Return, word for word, the lines of the listing below from the one with "rewrite [val h']surjective_pairing" through the one with "apply: bndV1_comb2_setV1 bnd_fb;", and no other lines.

■ **Study material**:
=-=-=

(* Let $n\geq 3$ and let $C_n^*$ be the complex described in the context. Let $D$ be an $S^3$-knotlike chain complex over $R$, and let $f\colon C_n^*\to D$ and $g\colon D\to C_n^*$ be $R$-linear chain maps. Then the image of $g f(\alpha_n^* )$ is a boundary in the complex $C_n^*\otimes_R\mathbb{F}[\mathcal{U}]/(\mathcal{U}^{n-1})$, where $\mathcal{V}$ acts on $\mathbb{F}[\mathcal{U}]/(\mathcal{U}^{n-1})$ as $1$.
   Context: Let $\mathbb{F}=\mathbb{Z}/2$ and $R=\mathbb{F}[\mathcal{U},\mathcal{V}]$. A chain complex $D$ over $R$ is $S^3$-knotlike if $H_*(D\otimes_R\mathbb{F}[\mathcal{U}])\cong\mathbb{F}[\mathcal{U}]$ as $\mathbb{F}[\mathcal{U}]$-modules, where $\mathcal{V}$ acts on $\mathbb{F}[\mathcal{U}]$ as $1$. For $n\geq 3$, $C_n^*$ is the free $R$-module with basis $\alpha^*_s$ ($1\leq s\leq 2n-1$); $\widetilde{\alpha}^*_s$ ($1\leq s\leq n-2$ and $n+1\leq s\leq 2n-2$); $b^{*,(s)}_{n-1}$ ($1\leq s\leq n-2$); $b^{*,(s)}_{n}$ ($1\leq s\leq 2n-2$); $b^{*,(s)}_{n+1}$ ($n+1\leq s\leq 2n-2$), with $R$-linear differential $\partial$ given by $\partial\alpha^*_s=0$, $\partial\widetilde{\alpha}^*_s=0$, and $\partial b^{*,(s)}_{n-1}=\mathcal{U}^{n(n-1)/2}\mathcal{V}^{n(n-1)/2}\alpha^*_s+\mathcal{V}^{n-s-1}\widetilde{\alpha}^*_s$ for $1\leq s\leq n-2$; $\partial b^{*,(s)}_{n}=\mathcal{U}^{n(n+1)/2-s}\mathcal{V}^{n(n+1)/2}\alpha^*_{s+1}+\mathcal{U}^{n}\widetilde{\alpha}^*_s$ for $1\leq s\leq n-2$; $\partial b^{*,(s)}_{n}=\mathcal{U}^{n(n+1)/2}\mathcal{V}^{n(n-1)/2-n+s+1}\alpha^*_s+\mathcal{U}^{n(n+1)/2-s}\mathcal{V}^{n(n+1)/2}\alpha^*_{s+1}$ for $n-1\leq s\leq n$; $\partial b^{*,(s)}_{n}=\mathcal{U}^{n(n+1)/2}\mathcal{V}^{n(n-1)/2-n+s+1}\alpha^*_s+\mathcal{V}^{n}\widetilde{\alpha}^*_s$ for $n+1\leq s\leq 2n-2$; $\partial b^{*,(s)}_{n+1}=\mathcal{U}^{n(n-1)/2}\mathcal{V}^{n(n-1)/2}\alpha^*_{s+1}+\mathcal{U}^{s-n}\widetilde{\alpha}^*_s$ for $n+1\leq s\leq 2n-2$. *)

From HB Require Import structures.
From mathcomp Require Import all_boot all_order all_algebra.
Unset Printing Implicit Defensive.
Import GRing.Theory.
Local Open Scope ring_scope.

(** The ring R = F[U,V], F = Z/2, realised as {poly {poly 'F_2}}:
    the inner variable is U, the outer variable is V. *)
Definition R : comNzRingType := {poly {poly 'F_2}}.
Definition Uv : R := ('X : {poly 'F_2})%:P.
Definition Vv : R := 'X.
(** F[U] = {poly 'F_2}; the action of R on F[U] where V acts as 1 is
    r . p = r.[1] * p  (evaluation of the outer variable V at 1). *)
Definition setV1 (r : R) : {poly 'F_2} := r.[1].

Section Cx.
Variable (D : lmodType R) (dD : D -> D).

(** x is a cycle in D (x)_R F[U]  =  D/(V-1)D *)
Definition cycV1 (x : D) : Prop := exists y : D, dD x = (Vv - 1) *: y.
(** x is a boundary in D (x)_R F[U] *)
Definition bndV1 (x : D) : Prop := exists y z : D, x = dD y + (Vv - 1) *: z.

(** D is S^3-knotlike: H_*(D (x)_R F[U]) ~= F[U] as F[U]-modules.
    Spelled out: a map phi : F[U] -> (cycles of D (x)_R F[U]) whose
    induced map F[U] -> H_* is R-linear (V acting as 1 on F[U]),
    injective and surjective. *)
Definition S3_knotlike : Prop :=
  exists phi : {poly 'F_2} -> D,
    [/\ forall p, cycV1 (phi p),
        forall (r : R) p q,
          bndV1 (phi (setV1 r * p + q) - (r *: phi p + phi q)),
        forall p, bndV1 (phi p) -> p = 0
      & forall x, cycV1 x -> exists p, bndV1 (x - phi p)].
End Cx.

Inductive gkind := KA | KAt | KB1 | KB2 | KB3.
(* KA = alpha^*_s, KAt = tilde-alpha^*_s, KB1 = b^{*,(s)}_{n-1},
   KB2 = b^{*,(s)}_n, KB3 = b^{*,(s)}_{n+1} *)

Definition gkind_code (k : gkind) : 'I_5 :=
  match k with KA => inord 0 | KAt => inord 1 | KB1 => inord 2
             | KB2 => inord 3 | KB3 => inord 4 end.
Definition gkind_decode (i : 'I_5) : gkind :=
  match val i with 0 => KA | 1 => KAt | 2 => KB1 | 3 => KB2 | _ => KB3 end.
Lemma gkind_codeK : cancel gkind_code gkind_decode.
Proof. by case; rewrite /gkind_decode /= inordK. Qed.
HB.instance Definition _ := Finite.copy gkind (can_type gkind_codeK).

Definition gvalid (n : nat) (x : gkind * 'I_(2 * n)) : bool :=
  let s := nat_of_ord x.2 in
  match x.1 with
  | KA  => (1 <= s <= 2 * n - 1)%N
  | KAt => (1 <= s <= n - 2)%N || (n + 1 <= s <= 2 * n - 2)%N
  | KB1 => (1 <= s <= n - 2)%N
  | KB2 => (1 <= s <= 2 * n - 2)%N
  | KB3 => (n + 1 <= s <= 2 * n - 2)%N
  end.

Definition gen (n : nat) : finType := {x : gkind * 'I_(2 * n) | gvalid n x}.

Definition Cn (n : nat) : lmodType R := {ffun gen n -> R^o}.

(** the basis vector with label (k, s) (zero if (k, s) is not a label) *)
Definition gvec (n : nat) (k : gkind) (s : nat) : Cn n :=
  [ffun h : gen n => (((val h).1 == k) && (nat_of_ord (val h).2 == s))%:R].

Definition alphaS n s := gvec n KA s.
Definition alphaT n s := gvec n KAt s.

Definition mono (a b : nat) : R := Uv ^+ a * Vv ^+ b.

Definition T2 (n : nat) : nat := (n * (n - 1)) %/ 2.
Definition T2' (n : nat) : nat := (n * (n + 1)) %/ 2.

Definition dgen (n : nat) (g : gen n) : Cn n :=
  let s := nat_of_ord (val g).2 in
  match (val g).1 with
  | KA | KAt => 0
  | KB1 => mono (T2 n) (T2 n) *: alphaS n s + mono 0 (n - s - 1) *: alphaT n s
  | KB2 =>
      if (s <= n - 2)%N then
        mono (T2' n - s) (T2' n) *: alphaS n s.+1 + mono n 0 *: alphaT n s
      else if (s <= n)%N then
        mono (T2' n) (T2 n - n + s + 1) *: alphaS n s
          + mono (T2' n - s) (T2' n) *: alphaS n s.+1
      else
        mono (T2' n) (T2 n - n + s + 1) *: alphaS n s + mono 0 n *: alphaT n s
  | KB3 => mono (T2 n) (T2 n) *: alphaS n s.+1 + mono (s - n) 0 *: alphaT n s
  end.

Definition dC (n : nat) (c : Cn n) : Cn n := \sum_(g : gen n) c g *: dgen n g.

(** x is a boundary in C_n^* (x)_R F[U]/(U^(n-1)), V acting as 1:
    x - dC y lies in (V - 1, U^(n-1)) C_n^*. *)
Definition bnd_trunc (n : nat) (x : Cn n) : Prop :=
  exists y z w : Cn n, x = dC n y + (Vv - 1) *: z + Uv ^+ (n - 1) *: w.

From HB Require Import structures.
From mathcomp Require Import all_boot all_order all_algebra.
From mathcomp Require Import zify.
Import GRing.Theory.
Local Open Scope ring_scope.

(* Write a := f alpha_(n-1), a' := f alpha_n and k := n(n+1)/2 - (n-1).  Setting
   V = 1 in the boundary of b^{*,(n-1)}_n shows that U^(k+n-1) a + U^k a' is a
   boundary of D (x) F[U]; in characteristic 2 this is U^k times the cycle
   a' - U^(n-1) a.  As H_*(D (x) F[U]) = F[U] has no U-torsion, a' - U^(n-1) a
   is itself a boundary, and applying the chain map g shows that g a' is a
   boundary modulo U^(n-1). *)

Lemma pchar2_polyF2 : 2 \in [pchar {poly 'F_2}].
Proof. by rewrite pchar_poly pchar_Fp. Qed.

Lemma setV1N c : setV1 (- c) = - setV1 c.
Proof. exact: hornerN. Qed.

Lemma setV1B c d : setV1 (c - d) = setV1 c - setV1 d.
Proof. by rewrite /setV1 hornerD hornerN. Qed.

Lemma setV1_mono a b : setV1 (mono a b) = 'X^a.
Proof.
by rewrite /setV1 /mono /Uv /Vv hornerM -rmorphXn hornerC hornerXn expr1n mulr1.
Qed.

Lemma setV1_Uv_exp a : setV1 (Uv ^+ a) = 'X^a.
Proof. by rewrite -(setV1_mono a 0) /mono expr0 mulr1. Qed.

Section BoundariesModV1.
Variables (D : lmodType R) (dD : {linear D -> D}).
Local Notation bnd := (bndV1 D dD).
Local Notation cyc := (cycV1 D dD).

Lemma bndV1D x y : bnd x -> bnd y -> bnd (x + y).
Proof.
move=> [y1 [z1 ->]] [y2 [z2 ->]]; exists (y1 + y2), (z1 + z2).
by rewrite linearD scalerDr addrACA.
Qed.

Lemma bndV1N x : bnd x -> bnd (- x).
Proof.
move=> [y [z ->]]; exists (- y), (- z).
by rewrite linearN scalerN opprD.
Qed.

Lemma bndV1B x y : bnd x -> bnd y -> bnd (x - y).
Proof. by move=> bx /bndV1N; apply: bndV1D. Qed.

Lemma bndV1Z r x : bnd x -> bnd (r *: x).
Proof.
move=> [y [z ->]]; exists (r *: y), (r *: z).
by rewrite linearZ scalerDr !scalerA mulrC.
Qed.

Lemma bndV1_d y : bnd (dD y).
Proof. by exists y, 0; rewrite scaler0 addr0. Qed.

Lemma bndV1_setV1_eq0 c v : setV1 c = 0 -> bnd (c *: v).
Proof.
move=> /eqP c1; have /factor_theorem [q ->] : root c 1 by [].
exists 0, (q *: v).
by rewrite linear0 add0r scalerA mulrC /Vv polyC1.
Qed.

Lemma bndV1_setV1_coef {c d : R} {u x : D} :
  setV1 c = setV1 d -> bnd (c *: u + x) -> bnd (d *: u + x).
Proof.
move=> e bc; have -> : d *: u + x = (c *: u + x) + (d - c) *: u.
  by rewrite scalerBl addrAC addrCA subrr addr0.
apply: bndV1D => //; apply: bndV1_setV1_eq0.
by rewrite setV1B e subrr.
Qed.

Lemma bndV1_comb2_setV1 c1 c2 d1 d2 u v :
  setV1 c1 = setV1 d1 -> setV1 c2 = setV1 d2 ->
  bnd (c1 *: u + c2 *: v) -> bnd (d1 *: u + d2 *: v).
Proof.
move=> e1 e2 /(bndV1_setV1_coef e1); rewrite addrC => /(bndV1_setV1_coef e2).
by rewrite addrC.
Qed.

Lemma cycV1_d0 x : dD x = 0 -> cyc x.
Proof. by exists 0; rewrite scaler0. Qed.

Lemma S3_knotlike_bndV1_expU_cancel {k : nat} {x : D} :
  S3_knotlike D dD -> cyc x -> bnd (Uv ^+ k *: x) -> bnd x.
Proof.
move=> [phi [_ phi_lin phi_inj phi_onto]] cx bUx.
have [p bx] := phi_onto x cx.
have bphi0 : bnd (phi 0).
  have := phi_lin 1 0 0; rewrite mulr0 addr0 scale1r opprD addrA subrr add0r.
  by move/bndV1N; rewrite opprK.
have bUphi : bnd (Uv ^+ k *: phi p).
  by rewrite -[phi p](subKr x) scalerBr; apply: bndV1B => //; apply: bndV1Z.
have bphiXp : bnd (phi ('X^k * p)).
  have := phi_lin (Uv ^+ k) p 0; rewrite setV1_Uv_exp addr0 => blin.
  by rewrite -[phi _](subrK (Uv ^+ k *: phi p + phi 0)); apply: bndV1D => //;
    apply: bndV1D.
have p0 : p = 0.
  by have /eqP := phi_inj _ bphiXp; rewrite mulf_eq0 expf_eq0 polyX_eq0 andbF => /eqP.
by rewrite -[x](subrK (phi p)); apply: bndV1D; rewrite // p0.
Qed.

End BoundariesModV1.

Lemma dC_gvec n (h : gen n) : dC n (gvec n (val h).1 (val h).2) = dgen n h.
Proof.
rewrite /dC (bigD1 h) //= big1 ?addr0; first by rewrite ffunE !eqxx scale1r.
move=> h' h'h; rewrite ffunE.
case: eqP => [e1|]; last by rewrite scale0r.
case: eqP => [e2|]; last by rewrite scale0r.
case/eqP: h'h; apply: val_inj.
rewrite [val h']surjective_pairing [val h]surjective_pairing e1.
by congr pair; apply: val_inj.
Qed.

Lemma dC_alphaS n s : dC n (alphaS n s) = 0.
Proof.
rewrite /dC big1 // => h _; rewrite ffunE.
case: eqP => [e1|]; last by rewrite scale0r.
by rewrite /dgen e1 scaler0.
Qed.

Lemma leq_T2 n : (3 <= n)%N -> (n <= T2 n)%N.
Proof. by move=> n3; rewrite /T2 leq_divRL //; nia. Qed.

Lemma leq_pred_T2' n : (n - 1 <= T2' n)%N.
Proof. by rewrite /T2' leq_divRL //; nia. Qed.

Lemma dC_bn_pred n : (3 <= n)%N ->
  dC n (gvec n KB2 (n - 1)) =
    mono (T2' n) (T2 n) *: alphaS n (n - 1)
    + mono (T2' n - (n - 1)) (T2' n) *: alphaS n n.
Proof.
move=> n3; have lt_n2n : (n - 1 < 2 * n)%N by lia.
have valid : gvalid n (KB2, Ordinal lt_n2n) by rewrite /gvalid /=; lia.
pose b : gen n := exist _ (KB2, Ordinal lt_n2n) valid.
rewrite (dC_gvec n b) /dgen /=.
have -> : (n - 1 <= n - 2)%N = false by lia.
have -> : (n - 1 <= n)%N = true by lia.
have -> : (n - 1).+1 = n by lia.
by have -> : (T2 n - n + (n - 1) + 1)%N = T2 n by have := leq_T2 n n3; lia.
Qed.

Lemma bnd_trunc_chain n (D : lmodType R) (dD : D -> D) (g : {linear D -> Cn n})
    x w :
  (forall y, g (dD y) = dC n (g y)) ->
  bndV1 D dD x -> bnd_trunc n (g x + Uv ^+ (n - 1) *: w).
Proof.
move=> hg [y [z ->]]; exists (g y), (g z), w.
by rewrite linearD linearZ hg.
Qed.

Theorem lemma2p11 (n : nat) (hn : (3 <= n)%N)
  (D : lmodType R) (dD : {linear D -> D})
  (hdD : forall x : D, dD (dD x) = 0)
  (hknot : S3_knotlike D dD)
  (f : {linear Cn n -> D}) (g : {linear D -> Cn n})
  (hf : forall c : Cn n, f (dC n c) = dD (f c))
  (hg : forall x : D, g (dD x) = dC n (g x)) :
  bnd_trunc n (g (f (alphaS n n))).
Proof.
set a := f (alphaS n (n - 1)); set a' := f (alphaS n n).
have f_alpha_cycle s : dD (f (alphaS n s)) = 0 by rewrite -hf dC_alphaS linear0.
have cyc_x : cycV1 D dD (a' - Uv ^+ (n - 1) *: a).
  by apply: cycV1_d0; rewrite linearB linearZ /= !f_alpha_cycle scaler0 subrr.
have bnd_Ukx : bndV1 D dD (Uv ^+ (T2' n - (n - 1)) *: (a' - Uv ^+ (n - 1) *: a)).
  have bnd_fb := bndV1_d D dD (f (gvec n KB2 (n - 1))).
  rewrite -hf dC_bn_pred // linearD !linearZ in bnd_fb.
  rewrite scalerBr scalerA -exprD subnK ?leq_pred_T2' // -scaleNr addrC.
  apply: bndV1_comb2_setV1 bnd_fb; rewrite ?setV1_mono ?setV1_Uv_exp //.
  by rewrite setV1N setV1_Uv_exp oppr_pchar2 // pchar2_polyF2.
have bnd_x := S3_knotlike_bndV1_expU_cancel D dD hknot cyc_x bnd_Ukx.
rewrite -[a'](subrK (Uv ^+ (n - 1) *: a)) linearD [g (_ *: _)]linearZ.
exact: bnd_trunc_chain hg bnd_x.
Qed.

=-=-=

■ **Exercise response**:
rewrite [val h']surjective_pairing [val h]surjective_pairing e1.
by congr pair; apply: val_inj.
Qed.

Lemma dC_alphaS n s : dC n (alphaS n s) = 0.
Proof.
rewrite /dC big1 // => h _; rewrite ffunE.
case: eqP => [e1|]; last by rewrite scale0r.
by rewrite /dgen e1 scaler0.
Qed.

Lemma leq_T2 n : (3 <= n)%N -> (n <= T2 n)%N.
Proof. by move=> n3; rewrite /T2 leq_divRL //; nia. Qed.

Lemma leq_pred_T2' n : (n - 1 <= T2' n)%N.
Proof. by rewrite /T2' leq_divRL //; nia. Qed.

Lemma dC_bn_pred n : (3 <= n)%N ->
  dC n (gvec n KB2 (n - 1)) =
    mono (T2' n) (T2 n) *: alphaS n (n - 1)
    + mono (T2' n - (n - 1)) (T2' n) *: alphaS n n.
Proof.
move=> n3; have lt_n2n : (n - 1 < 2 * n)%N by lia.
have valid : gvalid n (KB2, Ordinal lt_n2n) by rewrite /gvalid /=; lia.
pose b : gen n := exist _ (KB2, Ordinal lt_n2n) valid.
rewrite (dC_gvec n b) /dgen /=.
have -> : (n - 1 <= n - 2)%N = false by lia.
have -> : (n - 1 <= n)%N = true by lia.
have -> : (n - 1).+1 = n by lia.
by have -> : (T2 n - n + (n - 1) + 1)%N = T2 n by have := leq_T2 n n3; lia.
Qed.

Lemma bnd_trunc_chain n (D : lmodType R) (dD : D -> D) (g : {linear D -> Cn n})
    x w :
  (forall y, g (dD y) = dC n (g y)) ->
  bndV1 D dD x -> bnd_trunc n (g x + Uv ^+ (n - 1) *: w).
Proof.
move=> hg [y [z ->]]; exists (g y), (g z), w.
by rewrite linearD linearZ hg.
Qed.

Theorem lemma2p11 (n : nat) (hn : (3 <= n)%N)
  (D : lmodType R) (dD : {linear D -> D})
  (hdD : forall x : D, dD (dD x) = 0)
  (hknot : S3_knotlike D dD)
  (f : {linear Cn n -> D}) (g : {linear D -> Cn n})
  (hf : forall c : Cn n, f (dC n c) = dD (f c))
  (hg : forall x : D, g (dD x) = dC n (g x)) :
  bnd_trunc n (g (f (alphaS n n))).
Proof.
set a := f (alphaS n (n - 1)); set a' := f (alphaS n n).
have f_alpha_cycle s : dD (f (alphaS n s)) = 0 by rewrite -hf dC_alphaS linear0.
have cyc_x : cycV1 D dD (a' - Uv ^+ (n - 1) *: a).
  by apply: cycV1_d0; rewrite linearB linearZ /= !f_alpha_cycle scaler0 subrr.
have bnd_Ukx : bndV1 D dD (Uv ^+ (T2' n - (n - 1)) *: (a' - Uv ^+ (n - 1) *: a)).
  have bnd_fb := bndV1_d D dD (f (gvec n KB2 (n - 1))).
  rewrite -hf dC_bn_pred // linearD !linearZ in bnd_fb.
  rewrite scalerBr scalerA -exprD subnK ?leq_pred_T2' // -scaleNr addrC.
  apply: bndV1_comb2_setV1 bnd_fb; rewrite ?setV1_mono ?setV1_Uv_exp //.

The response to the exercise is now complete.